Rock and roll as social activism reached a milestone in the Live Aid concerts, held July 13, 1985, which were an outgrowth of the 1984 charity single "Do They Know It's Christmas?" and became the largest musical concert in history with performers on two main stages, one in London, England, and the other in Philadelphia, USA (plus some other acts performing in other countries). The concert was televised worldwide and lasted 16 hours. The charity event raised millions of dollars for famine relief in Africa. Live Aid became a model for many other fund-raising and consciousness-raising efforts, including the Farm Aid concerts for family farmers in North America, and televised performances benefiting victims of the September 11 attacks. Live Aid itself was reprised in 2005 with the Live 8 concert to raise awareness of global economic policy. Environmental issues have also been a common theme, one example being Live Earth.

==Religion==
The common usage of the term "rock god" acknowledges the quasi-religious quality of the adulation some rock stars receive. Songwriters like Pete Townshend have explored spirituality within their work. John Lennon became infamous, particularly in the United States, after he remarked in 1966 that The Beatles were "more popular than Jesus", with Beatles records being burned in public in some places in the South. However, he later said that this statement was misunderstood and not meant to be anti-Christian.
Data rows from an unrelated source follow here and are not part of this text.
Record eq_laws (M : CMAStruct) : Prop := {
  comp_assoc : forall a b t : M, op_comp M (op_comp M a b) t = op_comp M a (op_comp M b t);
  zeroA_uniq : forall a b : M, zeroA M a = zeroA M b;
  zeroA_comp : forall t b : M, op_comp M (zeroA M t) b = zeroA M t;
  comp_zeroA : forall a t : M, op_comp M a (zeroA M t) = zeroA M t;
  le_dom_comp : forall a b : M, leA M a b -> a = op_comp M (domA M a) b;
  dom_comp_le : forall a b : M, leA M (op_comp M (domA M a) b) b;
  comp_meet_lel : forall t a b : M, leA M (op_comp M t (op_meet M a b)) (op_comp M t a);
  comp_meet_ler : forall t a b : M, leA M (op_comp M t (op_meet M a b)) (op_comp M t b);
  comp_meet_of_eq : forall t a b : M,
    op_comp M t a = op_comp M t b -> op_comp M t (op_meet M a b) = op_comp M t a;
  comp_ant_le : forall t a : M, leA M (op_comp M t (op_ant M a)) t;
  zeroA_of_comp_ant : forall t a : M, op_comp M t a = zeroA M a ->
    op_comp M t (op_ant M a) = zeroA M a -> t = zeroA M a;
  comp_ant_zeroA : forall a t : M, op_comp M a (op_ant M (zeroA M t)) = a;
  meet_eql_of_ant : forall a b : M,
    op_comp M (op_ant M (op_meet M a b)) a = zeroA M a -> op_meet M a b = a;
  meet_eqr_of_ant : forall a b : M,
    op_comp M (op_ant M (op_meet M a b)) b = zeroA M a -> op_meet M a b = b
}.

Record laws (M : CMAStruct) : Prop := {
  laws_eq :> eq_laws M;
  atomic : forall c : M, c <> zeroA M c -> exists x : M,
    op_comp M x c <> zeroA M c /\ forall w, leA M w x -> w = zeroA M c \/ w = x;
  atom_range : forall y j : M, ~ atomA M (zeroA M y) y \/ exists u : M,
    op_comp M y u = zeroA M y /\
    forall s, leA M s j -> op_comp M y s = zeroA M y -> leA M s u
}.

Local Ltac from_clause H a b t :=
  let Hc := fresh in pose proof (H a b t) as Hc; red in Hc; decompose record Hc; auto.

Lemma eq_laws_iff_clause (M : CMAStruct) (m : M) :
  eq_laws M <-> forall a b t : M, eq_laws_clause M a b t.
Proof.
  split; [intros [] a b t; repeat split; auto | intro H; split].
  - intros a b t. from_clause H a b t.
  - intros a b. from_clause H a b m.
  - intros t b. from_clause H m b t.
  - intros a t. from_clause H a m t.
  - intros a b. from_clause H a b m.
  - intros a b. from_clause H a b m.
  - intros t a b. from_clause H a b t.
  - intros t a b. from_clause H a b t.
  - intros t a b. from_clause H a b t.
  - intros t a. from_clause H a m t.
  - intros t a. from_clause H a m t.
  - intros a t. from_clause H a m t.
  - intros a b. from_clause H a b m.
  - intros a b. from_clause H a b m.
Qed.

Lemma laws_iff_complete_rep_prop (M : CMAStruct) (m : M) : laws M <-> complete_rep_prop M.
Proof.
  split.
  - intros L c y j.
    assert (Hx : exists x, forall w, atomic_clause M c x w).
    { destruct (classic (c = zeroA M c)) as [Hc | Hc]; [exists c; left; exact Hc|].
      destruct (atomic L Hc) as (x & Hxc & Hx). exists x. right. auto. }
    assert (Huv : exists u v, forall s, atom_range_clause M y j u v s).
    { destruct (atom_range L y j) as [Hna | (u & Hyu & Hu)]; [|exists u, y; right; auto].
      exists y. apply NNPP. intro H. apply Hna. split.
      - intro Hy. apply H. exists y. left. left. exact Hy.
      - intros w Hw. apply NNPP. intro Hw'. apply H. exists w. left. right. tauto. }
    destruct Hx as [x Hx], Huv as (u & v & Huv). exists x, u, v. intros w s a b t.
    split; [apply Hx | split; [apply Huv | apply (eq_laws_iff_clause M m), L]].
  - intro H. split.
    + apply (eq_laws_iff_clause M m). intros a b t.
      destruct (H m m m) as (x & u & v & Hc). apply (Hc m m a b t).
    + intros c Hc. destruct (H c m m) as (x & u & v & Hx). exists x. split.
      * destruct (Hx m m m m m) as [[Hc0 | [Hxc _]] _]; [contradiction | exact Hxc].
      * intros w Hw. destruct (Hx w m m m m) as [[Hc0 | [_ Hw']] _]; [contradiction | auto].
    + intros y j. destruct (H m y j) as (x & u & v & Hr).
      destruct (classic (y = zeroA M y \/ (leA M v y /\ v <> zeroA M y /\ v <> y)))
        as [Hna | Ha].
      * left. intros [Hy0 Hy]. destruct Hna as [Hy0' | (Hv & Hv0 & Hvy)]; [contradiction|].
        destruct (Hy v Hv); contradiction.
      * right. exists u. destruct (Hr m m m m m) as [_ [[Hna | [Hyu _]] _]]; [contradiction|].
        split; [exact Hyu|]. intros s Hs Hys.
        destruct (Hr m s m m m) as [_ [[Hna | [_ Hsu]] _]]; [contradiction | auto].
Qed.
Definition discrete_injective (p : nat) (q : int) (I : lmodType (Aop p q)) : Prop :=
  discrete I /\
  forall (M N : lmodType (Aop p q)), discrete M -> discrete N ->
  forall (i : {linear M -> N}) (f : {linear M -> I}),
    injective i -> exists g : {linear N -> I}, forall x : M, g (i x) = f x.

Definition discrete_enough_injectives (p : nat) (q : int) : Prop :=
  forall M : lmodType (Aop p q), discrete M ->
    exists (I : lmodType (Aop p q)) (j : {linear M -> I}),
      injective j /\ discrete_injective I.

(* Restricted to discrete modules, [UD] is right adjoint to restriction of
   scalars along [Z_(p) -> A]: an [A]-linear map [N -> UD] amounts to the
   [Z_(p)]-linear map [N -> D] obtained by evaluating at [1]. So [UD] inherits
   injectivity from [D]. A discrete [M] embeds, as a [Z_(p)]-module, into
   [Hom_Z(Z_(p), Hom(M, Q/Z))], which is injective because [Q/Z] is divisible
   (Baer) and contains [M] because characters separate points; the adjoint of
   this embedding embeds [M] into an injective discrete module. *)

From HB Require Import structures.
From mathcomp Require Import all_boot all_order all_algebra.
From mathcomp Require Import boolp classical_sets functions.
Set Implicit Arguments. Unset Strict Implicit. Unset Printing Implicit Defensive.
Import Order.TTheory GRing.Theory Num.Theory.
Local Open Scope ring_scope.
Local Open Scope classical_set_scope.

Lemma zmod_morphismD (U V : zmodType) (f : U -> V) :
  zmod_morphism f -> {morph f : x y / x + y}.
Proof. by move=> fB; exact: raddfD (HB.pack f (GRing.isZmodMorphism.Build _ _ f fB)). Qed.

Definition divisible (V : zmodType) :=
  forall (n : nat) (d : V), (0 < n)%N -> exists e, e *+ n = d.

Section PartialHom.
Variables (N E : zmodType).
Implicit Types (G : set (N * E)) (y x : N) (a b e : E).

Definition graph_functional G := forall x a b, G (x, a) -> G (x, b) -> a = b.
Definition graph_subr_closed G :=
  forall x a y b, G (x, a) -> G (y, b) -> G (x - y, a - b).
Definition partial_hom G :=
  [/\ G (0, 0), graph_functional G & graph_subr_closed G].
Iron Maiden, Metallica, Ozzy Osbourne, King Diamond, Alice Cooper, Led Zeppelin, Marilyn Manson, Slayer and numerous others have also been accused of being satanists, immoral or otherwise having an "evil" influence on their listeners. Anti-religious sentiments also appear in punk and hardcore. Criticism of Christianity and all religions is an important theme in anarcho-punk and crust punk.

===Christianity===
Christian rock, alternative rock, metal, punk, and hardcore are specific, identifiable genres of rock music with strong Christian overtones and influence. Many groups and individuals who are not considered to be Christian rock artists have religious beliefs themselves. For example; The Edge and Bono of U2 are a Methodist and an Anglican, respectively; Bruce Springsteen is a Roman Catholic; and Brandon Flowers of The Killers is a Latter Day Saint. Carlos Santana, Ted Nugent, and John Mellencamp are all other examples of rock stars who profess some form of Christian faith.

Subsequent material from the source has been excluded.